Ten opportunities for saving tax dollars

that you’re probably not taking

This is crunch time for all of you tax return procrastinators. There are only 21 days until April 17, the final date for postmarking your 1999 federal and Indiana income tax returns. You may have already done the computations, and found out that you owe more than you expected, or that your refund is not as much as you would like it to be.

 

As kind and gentle as the taxing authorities may seem these days, don’t expect them to go out of their way to tell you about all the deductions you forgot to take or credits that you could have used to reduce your taxes. If you pay too little in taxes, you’ll hear about it for sure; if you pay too much, you may never know.

  1. Child Tax Credit. The number one most overlooked tax savings vehicle for 1998 was the Child Tax Credit, which was new in that year. Now in its second year, the tax credit is worth $500 per child. This is a credit, not a deduction, which means your tax is reduced dollar for dollar. The child must be claimed as your dependent, and must be under age 17 on 12/31/99. Take the credit for each qualifying child on line 43 of the 1040 or line 28 of the 1040A.

  2. Lifetime Learning Credit. Here’s another tax credit that can benefit people of all ages. If you, your spouse, or a dependent attended post-secondary school, whether it was for one course or as a full-time student, your tuition costs and related fees may qualify for this credit. Fill out Form 8863, Education Credits, to see if you qualify.

  3. Indiana Property Tax Deduction. New for 1999, homeowners may take a deduction on their Indiana income tax returns for property tax paid during 1999, up to a total of $2,500. Fill out line 2 on Schedule 1 and attach that schedule to your IT-40.

  4. Indiana Insulation Deduction. Did you install storm windows or storm doors, add weather stripping, or install insulation in your home during 1999? If so, you may qualify for a deduction of up to $1,000 of your cost on your Indiana income tax return.
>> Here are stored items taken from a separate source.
(* Let $X$ be a compact metric space with metric $d$. If a continuous map $f\colon X\to X$ satisfies $X=R(f)$ and has the contractive shadowing property, then $X$ is a finite set.
   Context: For $x\in X$, the $\omega$-limit set $\omega(x,f)$ is the set of $y\in X$ such that $f^{i_j}(x)\to y$ for some sequence $0\le i_1<i_2<\cdots$. $R(f)=\{x\in X: x\in\omega(x,f)\}$. For $\delta>0$, a sequence $(x_i)_{i\ge0}$ is a $\delta$-pseudo orbit of $f$ if $d(f(x_i),x_{i+1})\le\delta$ for all $i\ge0$; it is $\epsilon$-shadowed by $x$ if $d(f^i(x),x_i)\le\epsilon$ for all $i\ge0$. $f$ has the contractive shadowing property if there are $0<L<1$ and $\delta_0>0$ such that for every $0<\delta\le\delta_0$, every $\delta$-pseudo orbit of $f$ is $L\delta$-shadowed by some point of $X$. *)

From Stdlib Require Import Reals List.
Open Scope R_scope.

Definition is_metric {X : Type} (d : X -> X -> R) : Prop :=
  (forall x y, 0 <= d x y) /\
  (forall x y, d x y = 0 <-> x = y) /\
  (forall x y, d x y = d y x) /\
  (forall x y z, d x z <= d x y + d y z).

Definition metric_open {X : Type} (d : X -> X -> R) (U : X -> Prop) : Prop :=
  forall x, U x -> exists r, 0 < r /\ forall y, d x y < r -> U y.

Definition metric_compact {X : Type} (d : X -> X -> R) : Prop :=
  forall (I : Type) (U : I -> X -> Prop),
    (forall i, metric_open d (U i)) ->
    (forall x, exists i, U i x) ->
    exists l : list I, forall x, exists i, In i l /\ U i x.

Definition metric_continuous {X : Type} (d : X -> X -> R) (f : X -> X) : Prop :=
  forall x eps, 0 < eps -> exists delta, 0 < delta /\
    forall y, d x y < delta -> d (f x) (f y) < eps.

Fixpoint iter {X : Type} (i : nat) (f : X -> X) (x : X) : X :=
  match i with O => x | S n => f (iter n f x) end.

Definition omega_limit {X : Type} (d : X -> X -> R) (f : X -> X) (x y : X) : Prop :=
  exists s : nat -> nat, (forall j, (s j < s (S j))%nat) /\
    forall eps, 0 < eps -> exists N, forall j, (N <= j)%nat ->
      d (iter (s j) f x) y < eps.

Definition recurrent {X : Type} (d : X -> X -> R) (f : X -> X) (x : X) : Prop :=
  omega_limit d f x x.

Definition pseudo_orbit {X : Type} (d : X -> X -> R) (f : X -> X)
  (delta : R) (xs : nat -> X) : Prop :=
  forall i, d (f (xs i)) (xs (S i)) <= delta.

Definition shadowed {X : Type} (d : X -> X -> R) (f : X -> X)
  (eps : R) (xs : nat -> X) (x : X) : Prop :=
  forall i, d (iter i f x) (xs i) <= eps.

Definition contractive_shadowing {X : Type} (d : X -> X -> R) (f : X -> X) : Prop :=
  exists L delta0, 0 < L /\ L < 1 /\ 0 < delta0 /\
    forall delta, 0 < delta -> delta <= delta0 ->
      forall xs, pseudo_orbit d f delta xs ->
        exists x, shadowed d f (L * delta) xs x.

Definition finite_type (X : Type) : Prop :=
  exists l : list X, forall x, In x l.

From Stdlib Require Import Reals List Lra Lia Psatz Arith.
Open Scope R_scope.

(* Let rho = delta0 / 2 and q = L (3 - L) / 2 < 1.  If d(p, z) < rho, then p lies
   in the orbit closure of z: gluing a return of p to itself, an orbit segment
   from near p to near z, and the orbit of z gives a pseudo-orbit whose shadow
   starts q times closer to p and then follows the orbit of z; iterating, the
   error shrinks geometrically.  If 0 < d(f^n p, p) <= rho, shadow the periodic
   pseudo-orbit p, ..., f^(n-1) p, p, ... by some z; z is near p, so the orbit of
   z returns close to p at some time s, and s mod n is a return time j < n of p
   with d(f^j p, p) < d(f^n p, p) (for j = 0 continuity of f^n gives a
   contradiction).  By induction on n every point is periodic, so every
   rho-ball is contained in a finite periodic orbit, and compactness makes X
   finite. *)

Lemma iter_add {X : Type} (f : X -> X) a b x :
  iter (a + b) f x = iter a f (iter b f x).
Proof. induction a as [|a IH]; simpl; [reflexivity | now rewrite IH]. Qed.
The insulation must be an upgrade, not an equal replacement (replacing a broken storm window won’t qualify). Claim the deduction on line 9 of Schedule 1 and attach the schedule to your IT-40.

  5. Non-Cash Contributions. If you donate used clothing, furniture, books, appliances, electronic equipment, toys, automobiles, baked goods, and so on, to a qualified charity such as Goodwill, the Salvation Army, a church, or a school, you may take a charitable contribution deduction for the value of the donated items. You must be able to itemize your deductions to take advantage of this tax break, and you need to get a receipt when you make the deduction if the value of the donated items is at least $250.

  6. Charitable Mileage. If you drove your personal car for charity, you may deduct 14¢ per mile for your efforts. Your records should include the number of miles you drove, where you went, and the name of the charity. Charitable mileage includes driving for church and school events, delivering meals or groceries to shut-ins, driving for little league or scouting events, and so on.

  7. Roth IRA Contribution. If your adjusted gross income is below $110,000 (below $160,000 if you are married filing jointly), you need to contribute $2,000 to a Roth IRA. Okay, so you don’t get a tax deduction. Big deal. The money grows and grows and someday, when you decide to take the money out, you pay no tax on anything the account earned. The longer you leave the money in the account, the higher the rewards. [Note: Married filing separately taxpayers who lived with their spouse at any time during the year are prohibited from Roth contributions if their income is $10,000 or more.]

  8. Vehicle Registration Fee. Go out to the car and get your registration form out of the glove compartment. See where it says, “County Tax?” That amount counts as a property tax deduction on line 7 of Schedule A, Itemized Deductions.

  9. Student Loan Interest. If you paid interest on a college loan during 1999, the amount you paid may qualify as an adjustment to income (better than an itemized deduction). There are limits to how much you can earn and still take this deduction. If you qualify, enter the deduction on line 24, page one of your 1040, or line 16, page one of the 1040A.

  10. Moving Expense. Did you move during 1999? More than 50 miles from your previous job? Are you working now? If so, you probably qualify for a moving expense deduction. If your employer reimbursed you for the move, the amount of the reimbursement is probably included with your W-2 income, in which case you must take the deduction in order to offset that income. Claim the deduction on line 26 of your 1040. Only the cost of actually moving yourself, your family, and your belongings qualifies for the deduction.